Unfortunately it turns out on 64 bit systems vhost_msg has padding after
type which gcc doesn't initialize, leaking 4 uninitialized bytes to
userspace.
This padding also unfortunately means 32 bit users of this interface are
broken on a 64 bit kernel which will need to be fixed separately.
Fixes: CVE-2018-1118
Cc: stable@vger.kernel.org
Reported-by: Kevin Easton <kevin@guarana.org>
Signed-off-by: Michael S. Tsirkin <mst@redhat.com>
Reported-by: syzbot+87cfa083e727a224754b@syzkaller.appspotmail.com
Signed-off-by: Michael S. Tsirkin <mst@redhat.com>
---
drivers/vhost/vhost.c | 3 +++
1 file changed, 3 insertions(+)
diff --git a/drivers/vhost/vhost.c b/drivers/vhost/vhost.c
index f0be5f35ab28..9beefa6ed1ce 100644
--- a/drivers/vhost/vhost.c
+++ b/drivers/vhost/vhost.c
@@ -2345,6 +2345,9 @@ struct vhost_msg_node *vhost_new_msg(struct vhost_virtqueue *vq, int type)
struct vhost_msg_node *node = kmalloc(sizeof *node, GFP_KERNEL);
if (!node)
return NULL;
+
+ /* Make sure all padding within the structure is initialized. */
+ memset(&node->msg, 0, sizeof node->msg);
node->vq = vq;
node->msg.type = type;
return node;
From cfecc2918d2b3c5e86ff1a6c95eabbbb17bb8fd3 Mon Sep 17 00:00:00 2001
From: Tiwei Bie <tiwei.bie@intel.com>
Date: Fri, 1 Jun 2018 12:02:39 +0800
Subject: [PATCH 3/4] virtio_pci: support enabling VFs
There is a new feature bit allocated in virtio spec to
support SR-IOV (Single Root I/O Virtualization):
https://github.com/oasis-tcs/virtio-spec/issues/11
This patch enables the support for this feature bit in
virtio driver.
Signed-off-by: Tiwei Bie <tiwei.bie@intel.com>
Signed-off-by: Michael S. Tsirkin <mst@redhat.com>
---
drivers/virtio/virtio_pci_common.c | 30 ++++++++++++++++++++++++++++++
drivers/virtio/virtio_pci_modern.c | 14 ++++++++++++++
include/uapi/linux/virtio_config.h | 7 ++++++-
3 files changed, 50 insertions(+), 1 deletion(-)
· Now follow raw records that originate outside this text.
(* Let $\mathcal{T}^{pl}$ be the vector space spanned by the set $T^{pl}$ of planar rooted trees, $\mathcal{T}$ the vector space spanned by the set $T$ of (non-planar) rooted trees, $\pi:\mathcal{T}^{pl}\to\mathcal{T}$ the linear ''forget planarity'' projection, and $\Psi:\mathcal{T}^{pl}\to\mathcal{T}^{pl}$ the linear map with $\Psi(\bullet)=\bullet$ and $\Psi(\sigma_1\circ\!\!\searrow\sigma_2)=\Psi(\sigma_1)\searrow\Psi(\sigma_2)$ for all planar rooted trees $\sigma_1,\sigma_2$. Put $\overline{\Psi}=\pi\circ\Psi$. Then for every planar rooted tree $\tau$, $$\overline{\Psi}(\tau)=\sum_{s\in T}\alpha(s,\tau)\,s,$$ where the coefficients $\alpha(s,\tau)$ are nonnegative integers, and $$\alpha(s,\tau)=\overline{b}(s,\tau):=\frac{\tilde b(s,\tau)}{sym(s)},$$ where $sym(s)$ is the symmetry factor of $s$ and $\tilde b(s,\tau)$ is the number of bijections $\varphi:V(s)\to V(\tau)$ which are increasing from $(V(s),<)$ into $(V(\tau),\lll)$ and such that $\varphi^{-1}$ is increasing from $(V(\tau),<)$ into $(V(s),<)$.
   Context: A rooted tree is a finite oriented tree with a distinguished vertex (the root) having no outgoing edge, every other vertex having exactly one outgoing edge; it is planar if endowed with an embedding in the plane (so the branches at each vertex are ordered left to right). $\bullet$ denotes the one-vertex tree. $V(\sigma)$ is the vertex set of a tree $\sigma$. Every planar rooted tree is $B_+(\tau_1\cdots\tau_k)$, obtained by connecting the roots of the ordered list of planar trees $\tau_1,\dots,\tau_k$ to a new root. The left Butcher product is $\sigma\circ\!\!\searrow\tau:=B_+(\sigma\tau_1\cdots\tau_k)$ when $\tau=B_+(\tau_1\cdots\tau_k)$ (graft the root of $\sigma$ as the new leftmost branch at the root of $\tau$); every planar rooted tree with at least two vertices is uniquely of the form $\sigma_1\circ\!\!\searrow\sigma_2$, so $\Psi$ is well defined recursively. The left grafting is the bilinear product $\sigma\searrow\tau=\sum_{v\in V(\tau)}\sigma\searrow_v\tau$, where $\sigma\searrow_v\tau$ is obtained by grafting the root of $\sigma$ onto the vertex $v$ of $\tau$ so that $\sigma$ becomes the leftmost branch at $v$. Partial order $<$ on the vertices of a tree: $v<w$ if $v\neq w$ and the path from the root to $w$ passes through $v$. Total order $\lll$ on $V(\tau)$ for a planar tree $\tau$, defined recursively: for $\tau=\tau_1\circ\!\!\searrow\tau_2$, $v\lll w$ iff ($v\lll w$ inside $V(\tau_1)$ or inside $V(\tau_2)$) or ($v\in V(\tau_2)$ and $w\in V(\tau_1)$). A map $f$ is increasing from $(A,\prec_A)$ into $(B,\prec_B)$ if $a\prec_A a'$ implies $f(a)\prec_B f(a')$. The symmetry factor $sym(s)$ of a non-planar rooted tree $s$ is the number of bijections $V(s)\to V(s)$ which are increasing from $(V(s),<)$ onto $(V(s),<)$ (i.e. tree automorphisms). *)

From mathcomp Require Import all_boot all_order all_algebra.
Set Implicit Arguments. Unset Strict Implicit. Unset Printing Implicit Defensive.

Inductive ptree := Node of seq ptree.

Definition bullet : ptree := Node [::].

(* Left Butcher product: s o\ Node l = Node (s :: l).  Every tree with >= 2
   vertices is uniquely  c o\ Node cs  when it is Node (c :: cs). *)
Definition lbutcher (s t : ptree) : ptree := let: Node l := t in Node (s :: l).

(* Vertices are addressed by paths from the root: [::] is the root, and
   i :: p is vertex p of the i-th (0-based, from the left) branch. *)
Definition address := seq nat.

Definition shift_addr (p : address) : address :=
  if p is i :: q then i.+1 :: q else [::].

(* The vertices of a planar tree listed in the total order <<< , following the
   recursive definition: for tau = tau1 o\ tau2, first the vertices of tau2,
   then those of tau1 (each internally ordered recursively).  For
   tau = Node (c :: cs): tau1 = c (addresses 0 :: p), tau2 = Node cs (its
   address i :: q corresponds to i.+1 :: q in tau, its root to the root). *)
Fixpoint verts (t : ptree) : seq address :=
  let fix go (l : seq ptree) : seq address :=
    if l is c :: cs then map shift_addr (go cs) ++ map (cons 0) (verts c)
    else [:: [::]] in
  let: Node l := t in go l.

Fixpoint graft_at (s t : ptree) (p : address) {struct p} : ptree :=
  let: Node l := t in
  match p with
  | [::] => Node (s :: l)
  | i :: p' => Node [seq (if x.1 == i then graft_at s x.2 p' else x.2)
                    | x <- zip (iota 0 (size l)) l]
  end.

(* Linear combinations with nonnegative integer coefficients of planar trees
   are represented as multisets (lists) of planar trees. *)
Definition lgraft (s t : ptree) : seq ptree := [seq graft_at s t v | v <- verts t].

Definition lgraft_lin (A B : seq ptree) : seq ptree :=
  flatten [seq lgraft a b | a <- A, b <- B].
diff --git a/drivers/virtio/virtio_pci_common.c b/drivers/virtio/virtio_pci_common.c
index 48d4d1cf1cb6..1d4467b2dc31 100644
--- a/drivers/virtio/virtio_pci_common.c
+++ b/drivers/virtio/virtio_pci_common.c
@@ -577,6 +577,8 @@ static void virtio_pci_remove(struct pci_dev *pci_dev)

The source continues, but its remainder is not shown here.